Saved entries
════════════════════

(* Let $n\geq 2$. For $f:[0,1]\to\mathbb{R}$ and $x\in[0,1]$ define $$R_n(f,x)=\sum_{k=0}^{n} f\left(\frac{k}{n}\right)\binom{n}{k}\frac{x^{(k,c(x))}\,(1-x)^{(n-k,c(x))}}{1^{(n,c(x))}},\qquad c(x)=-\frac{\min\{x,1-x\}}{n-1}.$$ If $f:[0,1]\to\mathbb{R}$ is monotone increasing (respectively decreasing), then $R_n(f,\cdot):[0,1]\to\mathbb{R}$ is also monotone increasing (respectively decreasing).
   Context: For real $z$ and $h$, the rising factorial with increment $h$ is $z^{(0,h)}=1$ and $z^{(m,h)}=z(z+h)\cdots(z+(m-1)h)$ for integers $m\geq 1$. Equivalently, $R_n(f,x)=E\,f\left(\frac1n X\right)$, where $X$ is the number of white balls in $n$ draws from a Pólya urn initially containing $x$ white and $1-x$ black balls with replacement parameter $c(x)$. *)

From mathcomp Require Import all_boot all_order all_algebra.
From mathcomp Require Import all_reals.
Set Implicit Arguments. Unset Strict Implicit. Unset Printing Implicit Defensive.
Import Order.TTheory GRing.Theory Num.Theory.
Local Open Scope ring_scope.

Definition rising_fact (R : realType) (z h : R) (m : nat) : R :=
  \prod_(i < m) (z + i%:R * h).

Definition polya_c (R : realType) (n : nat) (x : R) : R :=
  - (Num.min x (1 - x)) / (n.-1)%:R.

Definition polya_op (R : realType) (n : nat) (f : R -> R) (x : R) : R :=
  \sum_(k < n.+1)
    f (k%:R / n%:R) * 'C(n, k)%:R *
    (rising_fact x (polya_c n x) k * rising_fact (1 - x) (polya_c n x) (n - k)
     / rising_fact 1 (polya_c n x) n).

Definition incr_on01 (R : realType) (g : R -> R) : Prop :=
  forall x y : R, 0 <= x -> x <= y -> y <= 1 -> g x <= g y.
Definition decr_on01 (R : realType) (g : R -> R) : Prop :=
  forall x y : R, 0 <= x -> x <= y -> y <= 1 -> g y <= g x.

(* R_n(f, x) is the mean of the values f(k/n) under the weights
   w_x(k) = C(n,k) x^(k,c) (1-x)^(n-k,c), c = c(x), whose total is 1^(n,c) by the
   Vandermonde identity for rising factorials.  For i < n the factor x + i c(x)
   of x^(k,c) equals x - (i/(n-1)) min(x, 1-x): it is nonnegative and
   nondecreasing in x; since c(1-x) = c(x), the factors of (1-x)^(n-k,c) are
   nonnegative and nonincreasing in x.  Hence for x <= y the ratio w_y(k)/w_x(k)
   is nondecreasing in k, and shifting the weights upwards in this
   likelihood-ratio order raises the mean of the nondecreasing sequence f(k/n).
   The decreasing case follows by applying the increasing one to -f. *)

From mathcomp Require Import all_boot all_order all_algebra.
From mathcomp Require Import all_reals.
From mathcomp Require Import ring lra zify.
Set Implicit Arguments. Unset Strict Implicit. Unset Printing Implicit Defensive.
Import Order.TTheory GRing.Theory Num.Theory.
Local Open Scope ring_scope.

Definition weighted_mean (R : fieldType) (N : nat) (g Q : nat -> R) : R :=
  (\sum_(k < N) g k * Q k) / \sum_(k < N) Q k.

(* [Q'] dominates [Q] in the likelihood-ratio order ([Q' / Q] nondecreasing),
   cross-multiplied so that vanishing weights are allowed. *)
Definition lr_le (R : numDomainType) (N : nat) (Q Q' : nat -> R) : Prop :=
  forall k l, (k < l < N)%N -> Q l * Q' k <= Q k * Q' l.

Lemma ler_weighted_mean_lr (R : realFieldType) N (g Q Q' : nat -> R) :
  (forall k l, (k <= l < N)%N -> g k <= g l) -> lr_le N Q Q' ->
  0 < \sum_(k < N) Q k -> 0 < \sum_(k < N) Q' k ->
  weighted_mean N g Q <= weighted_mean N g Q'.
Proof.
move=> g_homo QQ' Q_gt0 Q'_gt0.
rewrite /weighted_mean ler_pdivrMr // mulrAC ler_pdivlMr //.
set D := \sum_(k < N) \sum_(l < N) (g l - g k) * (Q k * Q' l - Q l * Q' k).
have D_ge0 : 0 <= D.
  apply: sumr_ge0 => k _; apply: sumr_ge0 => l _.
  case: (ltngtP k l) => [kl|lk|/val_inj->]; last by rewrite subrr mul0r.
  - have g_kl : g k <= g l by apply: g_homo; rewrite (ltnW kl) ltn_ord.
    have Q_kl : Q l * Q' k <= Q k * Q' l by apply: QQ'; rewrite kl ltn_ord.
    by apply: mulr_ge0; rewrite subr_ge0.
  - have g_lk : g l <= g k by apply: g_homo; rewrite (ltnW lk) ltn_ord.
    have Q_lk : Q k * Q' l <= Q l * Q' k by apply: QQ'; rewrite lk ltn_ord.
    by apply: mulr_le0; rewrite subr_le0.
set T := \sum_(k < N) \sum_(l < N) (g l - g k) * Q k * Q' l.
have D_eq : D = T + T.
  rewrite {2}/T exchange_big /= -big_split; apply: eq_bigr => k _ /=.
  by rewrite -big_split; apply: eq_bigr => l _ /=; ring.
have T_eq : T = (\sum_(k < N) g k * Q' k) * (\sum_(k < N) Q k)
                - (\sum_(k < N) g k * Q k) * (\sum_(k < N) Q' k).
  rewrite !big_distrlr /= [X in _ = X - _]exchange_big -sumrB.
  by apply: eq_bigr => k _; rewrite -sumrB; apply: eq_bigr => l _ /=; ring.
lra.
Qed.

Lemma sum_binS (V : nmodType) n (F : nat -> nat -> V) :
  \sum_(k < n.+2) F k (n.+1 - k)%N *+ 'C(n.+1, k)
  = \sum_(k < n.+1) (F k.+1 (n - k)%N + F k (n.+1 - k)%N) *+ 'C(n, k).
Proof.
rewrite -(big_mkord xpredT (fun k => F k (n.+1 - k)%N *+ 'C(n.+1, k))).
rewrite -(big_mkord xpredT (fun k => (F k.+1 (n - k)%N + F k (n.+1 - k)%N) *+ 'C(n, k))).
under [in RHS]eq_bigr do rewrite mulrnDl.
rewrite big_nat_recl //= [in RHS]big_split /= [X in _ = _ + X]big_nat_recl //.
under eq_bigr do rewrite subSS binS mulrnDr.
rewrite big_split /= big_nat_recr //= (bin_small (ltnSn n)) mulr0n addr0 !bin0.
under [X in _ = _ + (_ + X)]eq_bigr do rewrite subSS.
by rewrite [in RHS]addrC addrA.
Qed.

Lemma rising_factS (R : realType) (z h : R) m :
  rising_fact z h m.+1 = rising_fact z h m * (z + m%:R * h).
Proof. by rewrite /rising_fact big_ord_recr. Qed.

Lemma rising_factDn (R : realType) (w b h : R) n :
  rising_fact (w + b) h n
  = \sum_(k < n.+1) rising_fact w h k * rising_fact b h (n - k)%N *+ 'C(n, k).
Proof.
elim: n => [|n IHn]; first by rewrite big_ord1 /rising_fact !big_ord0 mulr1.
rewrite rising_factS IHn mulr_suml.
rewrite (sum_binS _ (fun i j => rising_fact w h i * rising_fact b h j)).
apply: eq_bigr => k _; have le_k_n : (k <= n)%N by rewrite -ltnS.
rewrite subSn // 2!rising_factS mulrnAl natrB //; congr (_ *+ _); ring.
Qed.

Definition binomial_weight (R : pzSemiRingType) n (a b : nat -> R) k : R :=
  'C(n, k)%:R * (\prod_(i < k) a i) * \prod_(i < n - k) b i.

Lemma lr_le_binomial_weight (R : realDomainType) n (a a' b b' : nat -> R) :
  (forall i, (i < n)%N -> 0 <= a i <= a' i) ->
  (forall i, (i < n)%N -> 0 <= b' i <= b i) ->
  lr_le n.+1 (binomial_weight n a b) (binomial_weight n a' b').
Proof.
move=> ha hb k l /andP[lt_kl lt_ln].
have a_ge0 i : (i < n)%N -> 0 <= a i by move=> /ha /andP[].
have b'_ge0 i : (i < n)%N -> 0 <= b' i by move=> /hb /andP[].
have a'_ge0 i : (i < n)%N -> 0 <= a' i by move=> /ha /andP[a0 ?]; apply: le_trans a0 _.
have b_ge0 i : (i < n)%N -> 0 <= b i by move=> /hb /andP[b0 ?]; apply: le_trans b0 _.
have prod_ge0 (u : nat -> R) j m : (forall i, (i < n)%N -> 0 <= u i) ->
    (j + m <= n)%N -> 0 <= \prod_(i < m) u (j + i)%N.
  by move=> u_ge0 le_jm_n; apply: prodr_ge0 => i _; apply: u_ge0; have := ltn_ord i; lia.
have [d ld] : exists d, l = (k + d)%N by exists (l - k)%N; lia.
rewrite ld /binomial_weight; have -> : (n - k = n - (k + d) + d)%N by lia.
rewrite !big_split_ord /=.
set e := (n - (k + d))%N.
set A := \prod_(i < k) a i; set A' := \prod_(i < k) a' i.
set B := \prod_(i < e) b i; set B' := \prod_(i < e) b' i.
set Da := \prod_(i < d) a (k + i)%N; set Da' := \prod_(i < d) a' (k + i)%N.
set Db := \prod_(i < d) b (e + i)%N; set Db' := \prod_(i < d) b' (e + i)%N.
set C := 'C(n, k)%:R; set Cd := 'C(n, k + d)%:R.
pose K := Cd * C * A * A' * B * B'.
have K_ge0 : 0 <= K by rewrite !mulr_ge0 // ?(prod_ge0 _ 0%N) //; lia.
have le_D : Da * Db' <= Da' * Db.
  apply: ler_pM; rewrite ?prod_ge0 //; try lia.
  - by apply: ler_prod => i _; apply: ha; have := ltn_ord i; lia.
  - by apply: ler_prod => i _; apply: hb; have := ltn_ord i; lia.
rewrite [leLHS](_ : _ = K * (Da * Db')) ?[leRHS](_ : _ = K * (Da' * Db)) /K; try ring.
exact: ler_wpM2l.
Qed.

Lemma natr_div_ge0_le1 (F : numFieldType) (k m : nat) :
  (k <= m)%N -> 0 <= (k%:R / m%:R : F) <= 1.
Proof.
case: m => [|m] km; first by rewrite invr0 mulr0 lexx ler01.
by rewrite divr_ge0 //= ler_pdivrMr ?ltr0Sn // mul1r ler_nat.
Qed.

Lemma polya_c_compl (R : realType) n (x : R) : polya_c n (1 - x) = polya_c n x.
Proof. by rewrite /polya_c subKr minC. Qed.

Section PolyaFactors.
Variables (R : realType) (n i : nat).
Hypothesis lt_i_n : (i < n)%N.

Let polya_factorE (x : R) :
  i%:R * polya_c n x = - (i%:R / (n.-1)%:R * Num.min x (1 - x)).
Proof. rewrite /polya_c; ring. Qed.

Let ratio_in01 : 0 <= (i%:R / (n.-1)%:R : R) <= 1.
Proof. by apply: natr_div_ge0_le1; lia. Qed.

Lemma polya_factor_ge0 (x : R) : 0 <= x -> 0 <= x + i%:R * polya_c n x.
Proof.
move: ratio_in01 => /andP[? ?] ?; rewrite polya_factorE.
by case: (lerP x (1 - x)); nra.
Qed.

Lemma polya_factor_homo (x y : R) :
  x <= y -> x + i%:R * polya_c n x <= y + i%:R * polya_c n y.
Proof.
move: ratio_in01 => /andP[? ?] ?; rewrite !polya_factorE.
by case: (lerP x (1 - x)); case: (lerP y (1 - y)); nra.
Qed.

Lemma polya_factor1_gt0 (x : R) : 0 < 1 + i%:R * polya_c n x.
Proof.
move: ratio_in01 => /andP[? ?]; rewrite polya_factorE.
by case: (lerP x (1 - x)); nra.
Qed.

End PolyaFactors.

Definition polya_weight (R : realType) (n : nat) (x : R) : nat -> R :=
  binomial_weight n (fun i => x + i%:R * polya_c n x)
                    (fun i => 1 - x + i%:R * polya_c n x).

Lemma sum_polya_weight (R : realType) n (x : R) :
  \sum_(k < n.+1) polya_weight n x k = rising_fact 1 (polya_c n x) n.
Proof.
rewrite -[in RHS](subrKC x 1) rising_factDn; apply: eq_bigr => k _.
by rewrite /polya_weight /binomial_weight -mulrA mulr_natl.
Qed.

Lemma sum_polya_weight_gt0 (R : realType) n (x : R) :
  0 < \sum_(k < n.+1) polya_weight n x k.
Proof. by rewrite sum_polya_weight; apply: prodr_gt0 => i _; apply: polya_factor1_gt0. Qed.

Lemma polya_opE (R : realType) n (f : R -> R) x :
  polya_op n f x = weighted_mean n.+1 (fun k => f (k%:R / n%:R)) (polya_weight n x).
Proof.
rewrite /weighted_mean sum_polya_weight mulr_suml; apply: eq_bigr => k _.
rewrite /polya_weight /binomial_weight /rising_fact /=; ring.
Qed.

Lemma polya_weight_lr (R : realType) n (x y : R) :
  0 <= x -> x <= y -> y <= 1 -> lr_le n.+1 (polya_weight n x) (polya_weight n y).
Proof.
move=> x_ge0 le_xy y_le1; apply: lr_le_binomial_weight => i lt_in; apply/andP; split.
- exact: polya_factor_ge0.
- exact: polya_factor_homo.
- by rewrite -polya_c_compl; apply: polya_factor_ge0; rewrite // subr_ge0.
- rewrite -(polya_c_compl n x) -(polya_c_compl n y).
  by apply: polya_factor_homo; rewrite // lerD2l lerN2.
Qed.

Lemma polya_op_incr (R : realType) n (f : R -> R) :
  incr_on01 f -> incr_on01 (polya_op n f).
Proof.
move=> f_incr x y x_ge0 le_xy y_le1; rewrite !polya_opE.
apply: ler_weighted_mean_lr.
- move=> k l /andP[le_kl lt_ln].
  have /andP[k_ge0 _] : 0 <= (k%:R / n%:R : R) <= 1 by apply: natr_div_ge0_le1; lia.
  have /andP[_ l_le1] : 0 <= (l%:R / n%:R : R) <= 1 by apply: natr_div_ge0_le1; lia.
  by apply: f_incr => //; rewrite ler_wpM2r ?invr_ge0 ?ler_nat.
- exact: polya_weight_lr.
- exact: sum_polya_weight_gt0.
- exact: sum_polya_weight_gt0.
Qed.

Lemma polya_opN (R : realType) n (f : R -> R) x :
  polya_op n (fun t => - f t) x = - polya_op n f x.
Proof. by rewrite /polya_op -sumrN; apply: eq_bigr => k _; rewrite !mulNr. Qed.

Theorem theorem3p3 (R : realType) (n : nat) (hn : (2 <= n)%N) (f : R -> R) :
  (incr_on01 f -> incr_on01 (polya_op n f)) /\
  (decr_on01 f -> decr_on01 (polya_op n f)).
Proof.
split=> [|f_decr]; first exact: polya_op_incr.
move=> x y x_ge0 le_xy y_le1; rewrite -lerN2 -!polya_opN.
by apply: polya_op_incr => // u v u_ge0 le_uv v_le1; rewrite lerN2 f_decr.
Qed.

════════════════════

- **What to do**: Your answer should be the lines from the one containing "have /andP[_ l_le1]" to the end of the entries above, restated exactly and alone.

- **Answer area**:
  have /andP[_ l_le1] : 0 <= (l%:R / n%:R : R) <= 1 by apply: natr_div_ge0_le1; lia.
  by apply: f_incr => //; rewrite ler_wpM2r ?invr_ge0 ?ler_nat.
- exact: polya_weight_lr.
- exact: sum_polya_weight_gt0.
- exact: sum_polya_weight_gt0.
Qed.

Lemma polya_opN (R : realType) n (f : R -> R) x :
  polya_op n (fun t => - f t) x = - polya_op n f x.
Proof. by rewrite /polya_op -sumrN; apply: eq_bigr => k _; rewrite !mulNr. Qed.

Theorem theorem3p3 (R : realType) (n : nat) (hn : (2 <= n)%N) (f : R -> R) :
  (incr_on01 f -> incr_on01 (polya_op n f)) /\
  (decr_on01 f -> decr_on01 (polya_op n f)).
Proof.
split=> [|f_decr]; first exact: polya_op_incr.
move=> x y x_ge0 le_xy y_le1; rewrite -lerN2 -!polya_opN.
by apply: polya_op_incr => // u v u_ge0 le_uv v_le1; rewrite lerN2 f_decr.
Qed.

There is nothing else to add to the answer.